-- Exercise requirements --
Using the records below, give again exactly the lines from the line that contains "are v, its children, and" through the line that contains "by rewrite (bigD1 p) //= p_b leq_addr.", both ends included, and only those.

-- Given records --
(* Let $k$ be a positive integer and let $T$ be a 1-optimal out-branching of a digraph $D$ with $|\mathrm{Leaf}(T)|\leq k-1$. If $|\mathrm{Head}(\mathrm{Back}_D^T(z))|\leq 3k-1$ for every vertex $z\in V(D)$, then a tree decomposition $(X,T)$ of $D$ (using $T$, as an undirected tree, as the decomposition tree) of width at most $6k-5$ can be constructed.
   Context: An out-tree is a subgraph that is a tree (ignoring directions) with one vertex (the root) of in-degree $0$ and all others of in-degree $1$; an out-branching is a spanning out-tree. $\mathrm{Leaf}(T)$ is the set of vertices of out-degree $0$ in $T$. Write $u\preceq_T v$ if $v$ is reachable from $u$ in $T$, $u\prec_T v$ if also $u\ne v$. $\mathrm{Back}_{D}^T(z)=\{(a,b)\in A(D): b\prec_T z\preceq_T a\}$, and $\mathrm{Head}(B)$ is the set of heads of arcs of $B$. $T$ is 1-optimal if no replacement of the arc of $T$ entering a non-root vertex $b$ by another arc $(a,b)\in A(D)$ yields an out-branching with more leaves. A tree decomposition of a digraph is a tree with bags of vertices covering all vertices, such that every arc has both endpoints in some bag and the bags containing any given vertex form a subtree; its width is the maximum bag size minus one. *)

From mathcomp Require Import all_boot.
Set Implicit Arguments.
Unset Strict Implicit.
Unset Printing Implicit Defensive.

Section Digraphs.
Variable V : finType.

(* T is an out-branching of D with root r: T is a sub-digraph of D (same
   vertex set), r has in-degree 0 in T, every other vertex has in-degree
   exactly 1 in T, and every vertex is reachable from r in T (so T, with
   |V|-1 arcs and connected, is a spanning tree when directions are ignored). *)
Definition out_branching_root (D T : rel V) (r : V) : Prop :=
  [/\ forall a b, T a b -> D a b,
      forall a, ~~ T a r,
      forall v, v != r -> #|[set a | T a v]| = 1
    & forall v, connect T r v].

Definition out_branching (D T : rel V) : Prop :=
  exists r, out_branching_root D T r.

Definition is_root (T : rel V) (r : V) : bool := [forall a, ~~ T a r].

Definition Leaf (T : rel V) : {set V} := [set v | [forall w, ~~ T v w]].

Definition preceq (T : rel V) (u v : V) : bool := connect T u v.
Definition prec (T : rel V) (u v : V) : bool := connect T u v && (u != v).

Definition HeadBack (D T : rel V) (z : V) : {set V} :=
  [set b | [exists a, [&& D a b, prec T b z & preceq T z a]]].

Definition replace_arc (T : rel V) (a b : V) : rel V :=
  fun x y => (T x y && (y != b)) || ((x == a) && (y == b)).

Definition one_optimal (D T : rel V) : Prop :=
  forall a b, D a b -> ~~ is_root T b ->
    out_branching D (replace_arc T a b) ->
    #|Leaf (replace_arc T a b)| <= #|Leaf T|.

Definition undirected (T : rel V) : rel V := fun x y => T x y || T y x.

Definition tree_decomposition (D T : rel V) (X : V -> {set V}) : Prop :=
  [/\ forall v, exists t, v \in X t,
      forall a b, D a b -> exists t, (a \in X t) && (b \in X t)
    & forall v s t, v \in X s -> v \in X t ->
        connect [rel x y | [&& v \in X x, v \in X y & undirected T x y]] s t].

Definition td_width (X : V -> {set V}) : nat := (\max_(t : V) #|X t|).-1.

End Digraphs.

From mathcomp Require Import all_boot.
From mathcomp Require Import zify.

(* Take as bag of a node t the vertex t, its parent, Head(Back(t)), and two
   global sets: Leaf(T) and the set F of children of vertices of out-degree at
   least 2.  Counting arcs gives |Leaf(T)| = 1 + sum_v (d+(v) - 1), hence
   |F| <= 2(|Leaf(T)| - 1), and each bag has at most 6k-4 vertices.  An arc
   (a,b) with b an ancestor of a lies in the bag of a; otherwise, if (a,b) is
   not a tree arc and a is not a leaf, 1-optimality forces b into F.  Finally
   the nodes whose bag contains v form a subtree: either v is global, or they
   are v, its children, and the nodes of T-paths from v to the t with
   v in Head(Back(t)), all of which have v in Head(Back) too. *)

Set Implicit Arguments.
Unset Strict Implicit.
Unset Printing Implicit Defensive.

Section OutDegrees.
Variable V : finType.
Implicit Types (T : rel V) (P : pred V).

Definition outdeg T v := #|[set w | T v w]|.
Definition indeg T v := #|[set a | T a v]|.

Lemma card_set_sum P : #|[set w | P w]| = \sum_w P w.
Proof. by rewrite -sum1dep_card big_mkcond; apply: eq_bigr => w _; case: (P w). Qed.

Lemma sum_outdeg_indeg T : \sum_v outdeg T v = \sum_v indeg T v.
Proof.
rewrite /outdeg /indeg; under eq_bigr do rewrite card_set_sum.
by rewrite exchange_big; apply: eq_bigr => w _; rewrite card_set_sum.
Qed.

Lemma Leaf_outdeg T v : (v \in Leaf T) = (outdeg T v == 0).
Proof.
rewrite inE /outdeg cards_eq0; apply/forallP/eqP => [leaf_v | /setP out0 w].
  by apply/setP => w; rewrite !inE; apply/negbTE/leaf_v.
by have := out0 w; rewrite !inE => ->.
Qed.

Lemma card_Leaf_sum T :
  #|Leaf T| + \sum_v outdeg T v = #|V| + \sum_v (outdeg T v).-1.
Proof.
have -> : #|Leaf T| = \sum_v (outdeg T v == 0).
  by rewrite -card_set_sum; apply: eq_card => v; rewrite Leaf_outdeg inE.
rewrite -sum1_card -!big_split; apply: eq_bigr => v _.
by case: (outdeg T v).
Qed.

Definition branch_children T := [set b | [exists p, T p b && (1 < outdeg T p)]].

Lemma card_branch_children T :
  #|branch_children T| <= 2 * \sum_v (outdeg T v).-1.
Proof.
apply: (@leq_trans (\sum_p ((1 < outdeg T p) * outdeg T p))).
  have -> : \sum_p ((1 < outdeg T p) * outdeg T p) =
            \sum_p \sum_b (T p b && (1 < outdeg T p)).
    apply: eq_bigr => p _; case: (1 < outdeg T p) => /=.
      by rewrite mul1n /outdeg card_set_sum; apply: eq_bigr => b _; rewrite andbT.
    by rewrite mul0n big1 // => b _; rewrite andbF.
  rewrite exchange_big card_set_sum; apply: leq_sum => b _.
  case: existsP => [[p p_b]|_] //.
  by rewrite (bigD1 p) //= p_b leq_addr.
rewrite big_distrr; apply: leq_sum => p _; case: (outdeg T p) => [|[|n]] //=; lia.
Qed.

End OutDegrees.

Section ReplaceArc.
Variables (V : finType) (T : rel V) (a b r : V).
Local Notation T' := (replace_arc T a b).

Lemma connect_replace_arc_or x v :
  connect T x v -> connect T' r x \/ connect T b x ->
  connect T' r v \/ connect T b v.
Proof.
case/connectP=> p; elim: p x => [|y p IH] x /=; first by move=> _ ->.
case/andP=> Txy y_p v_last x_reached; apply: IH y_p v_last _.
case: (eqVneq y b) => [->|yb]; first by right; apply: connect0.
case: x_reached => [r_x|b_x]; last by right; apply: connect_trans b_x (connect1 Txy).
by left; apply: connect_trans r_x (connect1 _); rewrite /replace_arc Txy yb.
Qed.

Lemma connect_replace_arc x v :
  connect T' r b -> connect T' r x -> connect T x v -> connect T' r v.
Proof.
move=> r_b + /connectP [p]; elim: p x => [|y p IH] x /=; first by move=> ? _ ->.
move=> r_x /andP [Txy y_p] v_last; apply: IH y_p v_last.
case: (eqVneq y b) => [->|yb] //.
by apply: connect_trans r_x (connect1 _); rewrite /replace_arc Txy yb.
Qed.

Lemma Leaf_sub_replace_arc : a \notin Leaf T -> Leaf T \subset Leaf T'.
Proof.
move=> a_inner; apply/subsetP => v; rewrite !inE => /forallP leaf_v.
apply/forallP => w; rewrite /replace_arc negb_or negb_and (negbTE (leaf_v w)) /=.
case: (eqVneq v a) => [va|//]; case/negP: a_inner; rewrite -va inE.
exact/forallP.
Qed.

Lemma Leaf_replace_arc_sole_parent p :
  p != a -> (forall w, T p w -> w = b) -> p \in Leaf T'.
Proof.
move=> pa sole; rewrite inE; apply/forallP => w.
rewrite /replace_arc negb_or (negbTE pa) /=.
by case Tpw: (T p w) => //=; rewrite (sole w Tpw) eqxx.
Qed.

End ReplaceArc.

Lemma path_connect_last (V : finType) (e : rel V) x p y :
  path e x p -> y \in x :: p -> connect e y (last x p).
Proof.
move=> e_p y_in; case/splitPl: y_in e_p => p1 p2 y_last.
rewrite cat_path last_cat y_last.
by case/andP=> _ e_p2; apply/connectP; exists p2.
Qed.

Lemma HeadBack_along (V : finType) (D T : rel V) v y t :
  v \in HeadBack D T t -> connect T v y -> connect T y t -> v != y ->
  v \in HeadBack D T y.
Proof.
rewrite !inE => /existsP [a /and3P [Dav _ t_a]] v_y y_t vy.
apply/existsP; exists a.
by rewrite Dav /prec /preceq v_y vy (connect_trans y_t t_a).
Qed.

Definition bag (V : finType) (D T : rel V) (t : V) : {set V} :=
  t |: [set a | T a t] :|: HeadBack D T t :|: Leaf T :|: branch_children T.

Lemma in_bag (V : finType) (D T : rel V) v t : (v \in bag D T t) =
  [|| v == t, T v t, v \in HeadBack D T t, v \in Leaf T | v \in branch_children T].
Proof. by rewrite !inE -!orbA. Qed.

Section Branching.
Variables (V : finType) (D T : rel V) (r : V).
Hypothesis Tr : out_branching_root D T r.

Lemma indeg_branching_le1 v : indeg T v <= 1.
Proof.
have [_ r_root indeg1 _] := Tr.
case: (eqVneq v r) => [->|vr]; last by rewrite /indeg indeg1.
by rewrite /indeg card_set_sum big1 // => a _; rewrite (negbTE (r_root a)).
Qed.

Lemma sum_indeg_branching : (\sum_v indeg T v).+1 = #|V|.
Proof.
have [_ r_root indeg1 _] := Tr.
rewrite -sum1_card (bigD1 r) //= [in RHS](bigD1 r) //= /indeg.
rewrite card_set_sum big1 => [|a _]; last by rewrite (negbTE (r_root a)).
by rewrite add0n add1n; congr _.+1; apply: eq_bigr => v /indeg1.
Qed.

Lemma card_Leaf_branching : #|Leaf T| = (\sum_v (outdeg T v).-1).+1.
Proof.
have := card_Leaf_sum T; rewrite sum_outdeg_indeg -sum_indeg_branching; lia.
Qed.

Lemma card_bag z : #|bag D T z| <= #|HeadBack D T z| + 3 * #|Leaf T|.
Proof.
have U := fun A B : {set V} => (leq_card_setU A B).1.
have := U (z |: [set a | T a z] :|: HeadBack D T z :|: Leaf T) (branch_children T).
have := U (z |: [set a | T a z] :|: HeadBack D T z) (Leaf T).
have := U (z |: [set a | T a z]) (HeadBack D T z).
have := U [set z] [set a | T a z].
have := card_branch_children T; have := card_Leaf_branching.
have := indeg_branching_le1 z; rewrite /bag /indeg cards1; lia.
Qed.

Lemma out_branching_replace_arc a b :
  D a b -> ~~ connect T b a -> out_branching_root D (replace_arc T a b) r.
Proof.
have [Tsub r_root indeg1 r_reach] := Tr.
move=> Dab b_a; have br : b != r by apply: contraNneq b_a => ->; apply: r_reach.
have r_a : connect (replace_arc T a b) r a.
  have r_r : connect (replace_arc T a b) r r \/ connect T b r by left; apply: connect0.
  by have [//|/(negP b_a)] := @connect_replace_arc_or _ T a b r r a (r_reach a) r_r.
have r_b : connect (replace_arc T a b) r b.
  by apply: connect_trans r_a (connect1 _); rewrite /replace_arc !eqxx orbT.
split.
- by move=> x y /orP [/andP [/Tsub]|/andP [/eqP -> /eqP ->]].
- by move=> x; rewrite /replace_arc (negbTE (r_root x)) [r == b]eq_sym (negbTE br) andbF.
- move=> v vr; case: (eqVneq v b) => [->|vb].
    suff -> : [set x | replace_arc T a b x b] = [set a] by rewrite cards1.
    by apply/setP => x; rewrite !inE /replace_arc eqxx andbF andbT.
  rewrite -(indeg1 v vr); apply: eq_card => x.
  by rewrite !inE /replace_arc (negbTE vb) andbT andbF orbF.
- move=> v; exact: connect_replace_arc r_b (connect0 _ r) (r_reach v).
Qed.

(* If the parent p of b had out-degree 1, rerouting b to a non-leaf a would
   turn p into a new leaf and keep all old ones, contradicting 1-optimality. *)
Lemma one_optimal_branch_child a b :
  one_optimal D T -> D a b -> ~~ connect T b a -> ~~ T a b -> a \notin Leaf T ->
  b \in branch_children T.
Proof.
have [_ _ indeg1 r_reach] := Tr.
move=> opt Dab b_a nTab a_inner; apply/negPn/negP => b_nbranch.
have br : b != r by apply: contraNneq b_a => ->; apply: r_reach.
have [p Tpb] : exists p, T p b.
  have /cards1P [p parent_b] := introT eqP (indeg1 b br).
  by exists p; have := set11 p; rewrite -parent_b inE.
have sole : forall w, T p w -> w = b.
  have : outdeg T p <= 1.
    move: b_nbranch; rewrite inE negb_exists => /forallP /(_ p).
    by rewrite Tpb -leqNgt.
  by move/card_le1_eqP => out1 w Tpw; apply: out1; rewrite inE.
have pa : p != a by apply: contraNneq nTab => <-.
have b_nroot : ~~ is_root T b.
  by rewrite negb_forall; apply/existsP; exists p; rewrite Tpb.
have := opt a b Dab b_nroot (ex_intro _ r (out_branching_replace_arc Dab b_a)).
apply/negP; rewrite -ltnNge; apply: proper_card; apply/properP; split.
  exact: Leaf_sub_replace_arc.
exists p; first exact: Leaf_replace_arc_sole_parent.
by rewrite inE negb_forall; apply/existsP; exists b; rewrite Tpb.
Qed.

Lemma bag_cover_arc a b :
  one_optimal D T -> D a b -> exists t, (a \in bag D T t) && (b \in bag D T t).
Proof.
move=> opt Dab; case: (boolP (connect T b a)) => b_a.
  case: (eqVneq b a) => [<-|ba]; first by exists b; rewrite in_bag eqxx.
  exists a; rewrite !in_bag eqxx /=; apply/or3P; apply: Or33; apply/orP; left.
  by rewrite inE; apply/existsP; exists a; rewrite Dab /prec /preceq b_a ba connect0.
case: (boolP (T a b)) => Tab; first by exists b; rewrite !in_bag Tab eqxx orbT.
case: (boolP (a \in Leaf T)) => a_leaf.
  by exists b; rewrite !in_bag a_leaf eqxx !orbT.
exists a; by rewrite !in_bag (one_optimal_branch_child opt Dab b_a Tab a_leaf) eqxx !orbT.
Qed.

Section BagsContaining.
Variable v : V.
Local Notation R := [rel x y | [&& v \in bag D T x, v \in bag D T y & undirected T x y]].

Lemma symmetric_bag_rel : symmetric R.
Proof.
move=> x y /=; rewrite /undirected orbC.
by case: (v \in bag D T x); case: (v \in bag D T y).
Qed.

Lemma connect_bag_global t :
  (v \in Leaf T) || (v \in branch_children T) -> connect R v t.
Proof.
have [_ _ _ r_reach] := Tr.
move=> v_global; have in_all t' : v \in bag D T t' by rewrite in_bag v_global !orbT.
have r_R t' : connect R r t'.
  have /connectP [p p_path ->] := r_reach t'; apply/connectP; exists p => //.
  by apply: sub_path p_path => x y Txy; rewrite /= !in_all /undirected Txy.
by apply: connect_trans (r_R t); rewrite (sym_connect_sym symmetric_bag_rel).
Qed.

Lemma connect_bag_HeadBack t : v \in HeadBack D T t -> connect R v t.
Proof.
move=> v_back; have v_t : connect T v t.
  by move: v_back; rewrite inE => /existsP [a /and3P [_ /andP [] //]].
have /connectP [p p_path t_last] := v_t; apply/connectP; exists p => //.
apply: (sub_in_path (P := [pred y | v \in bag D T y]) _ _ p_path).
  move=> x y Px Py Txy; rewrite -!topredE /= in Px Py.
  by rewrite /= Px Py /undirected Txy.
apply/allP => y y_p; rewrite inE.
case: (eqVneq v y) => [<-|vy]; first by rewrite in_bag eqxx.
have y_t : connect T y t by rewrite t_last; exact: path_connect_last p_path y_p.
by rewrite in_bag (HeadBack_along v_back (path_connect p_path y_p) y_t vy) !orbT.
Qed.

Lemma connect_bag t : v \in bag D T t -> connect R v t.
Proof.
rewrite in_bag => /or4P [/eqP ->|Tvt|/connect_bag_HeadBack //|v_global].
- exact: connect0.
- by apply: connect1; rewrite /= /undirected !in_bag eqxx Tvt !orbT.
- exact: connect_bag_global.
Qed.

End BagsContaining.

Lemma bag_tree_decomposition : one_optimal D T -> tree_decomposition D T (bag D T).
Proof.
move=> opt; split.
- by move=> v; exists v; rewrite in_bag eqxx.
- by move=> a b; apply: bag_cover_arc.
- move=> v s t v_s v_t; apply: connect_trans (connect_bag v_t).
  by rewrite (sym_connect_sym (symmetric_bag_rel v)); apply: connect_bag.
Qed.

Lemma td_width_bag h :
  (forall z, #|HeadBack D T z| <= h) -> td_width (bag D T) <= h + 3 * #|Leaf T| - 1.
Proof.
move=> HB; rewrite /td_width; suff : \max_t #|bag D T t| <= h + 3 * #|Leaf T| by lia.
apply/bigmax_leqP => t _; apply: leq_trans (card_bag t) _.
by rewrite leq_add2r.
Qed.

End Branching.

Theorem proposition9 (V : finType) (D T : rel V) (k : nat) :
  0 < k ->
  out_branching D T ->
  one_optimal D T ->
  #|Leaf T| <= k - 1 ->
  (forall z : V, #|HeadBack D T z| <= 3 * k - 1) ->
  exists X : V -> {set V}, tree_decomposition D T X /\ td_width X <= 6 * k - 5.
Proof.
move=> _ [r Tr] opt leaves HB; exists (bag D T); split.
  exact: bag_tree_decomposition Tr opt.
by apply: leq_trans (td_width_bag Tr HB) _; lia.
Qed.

==

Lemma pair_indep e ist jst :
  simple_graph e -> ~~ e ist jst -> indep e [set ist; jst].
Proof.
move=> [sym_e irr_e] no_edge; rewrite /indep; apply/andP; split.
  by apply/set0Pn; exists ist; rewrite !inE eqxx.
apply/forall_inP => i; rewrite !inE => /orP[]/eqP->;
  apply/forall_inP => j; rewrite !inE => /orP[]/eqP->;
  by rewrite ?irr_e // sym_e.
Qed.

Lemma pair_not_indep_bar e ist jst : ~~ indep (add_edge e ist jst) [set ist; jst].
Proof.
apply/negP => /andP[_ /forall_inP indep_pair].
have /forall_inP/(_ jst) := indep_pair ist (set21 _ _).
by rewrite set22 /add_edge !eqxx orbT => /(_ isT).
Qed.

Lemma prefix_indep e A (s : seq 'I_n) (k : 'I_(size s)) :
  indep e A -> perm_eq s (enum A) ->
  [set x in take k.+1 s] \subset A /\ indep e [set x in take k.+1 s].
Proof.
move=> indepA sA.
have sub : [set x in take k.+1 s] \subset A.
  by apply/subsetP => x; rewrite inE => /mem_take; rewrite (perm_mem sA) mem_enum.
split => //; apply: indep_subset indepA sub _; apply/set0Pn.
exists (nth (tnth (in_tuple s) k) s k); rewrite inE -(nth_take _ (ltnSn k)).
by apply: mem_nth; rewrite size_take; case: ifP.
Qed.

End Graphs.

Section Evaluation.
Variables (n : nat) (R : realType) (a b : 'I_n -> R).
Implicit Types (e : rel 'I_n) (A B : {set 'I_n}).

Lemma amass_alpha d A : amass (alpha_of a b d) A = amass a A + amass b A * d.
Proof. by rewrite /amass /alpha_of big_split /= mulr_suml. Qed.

-- Solution --
   are v, its children, and the nodes of T-paths from v to the t with
   v in Head(Back(t)), all of which have v in Head(Back) too. *)

Set Implicit Arguments.
Unset Strict Implicit.
Unset Printing Implicit Defensive.

Section OutDegrees.
Variable V : finType.
Implicit Types (T : rel V) (P : pred V).

Definition outdeg T v := #|[set w | T v w]|.
Definition indeg T v := #|[set a | T a v]|.

Lemma card_set_sum P : #|[set w | P w]| = \sum_w P w.
Proof. by rewrite -sum1dep_card big_mkcond; apply: eq_bigr => w _; case: (P w). Qed.

Lemma sum_outdeg_indeg T : \sum_v outdeg T v = \sum_v indeg T v.
Proof.
rewrite /outdeg /indeg; under eq_bigr do rewrite card_set_sum.
by rewrite exchange_big; apply: eq_bigr => w _; rewrite card_set_sum.
Qed.

Lemma Leaf_outdeg T v : (v \in Leaf T) = (outdeg T v == 0).
Proof.
rewrite inE /outdeg cards_eq0; apply/forallP/eqP => [leaf_v | /setP out0 w].
  by apply/setP => w; rewrite !inE; apply/negbTE/leaf_v.
by have := out0 w; rewrite !inE => ->.
Qed.

Lemma card_Leaf_sum T :
  #|Leaf T| + \sum_v outdeg T v = #|V| + \sum_v (outdeg T v).-1.
Proof.
have -> : #|Leaf T| = \sum_v (outdeg T v == 0).
  by rewrite -card_set_sum; apply: eq_card => v; rewrite Leaf_outdeg inE.
rewrite -sum1_card -!big_split; apply: eq_bigr => v _.
by case: (outdeg T v).
Qed.

Definition branch_children T := [set b | [exists p, T p b && (1 < outdeg T p)]].

Lemma card_branch_children T :
  #|branch_children T| <= 2 * \sum_v (outdeg T v).-1.
Proof.
apply: (@leq_trans (\sum_p ((1 < outdeg T p) * outdeg T p))).
  have -> : \sum_p ((1 < outdeg T p) * outdeg T p) =
            \sum_p \sum_b (T p b && (1 < outdeg T p)).
    apply: eq_bigr => p _; case: (1 < outdeg T p) => /=.
      by rewrite mul1n /outdeg card_set_sum; apply: eq_bigr => b _; rewrite andbT.
    by rewrite mul0n big1 // => b _; rewrite andbF.
  rewrite exchange_big card_set_sum; apply: leq_sum => b _.
  case: existsP => [[p p_b]|_] //.
  by rewrite (bigD1 p) //= p_b leq_addr.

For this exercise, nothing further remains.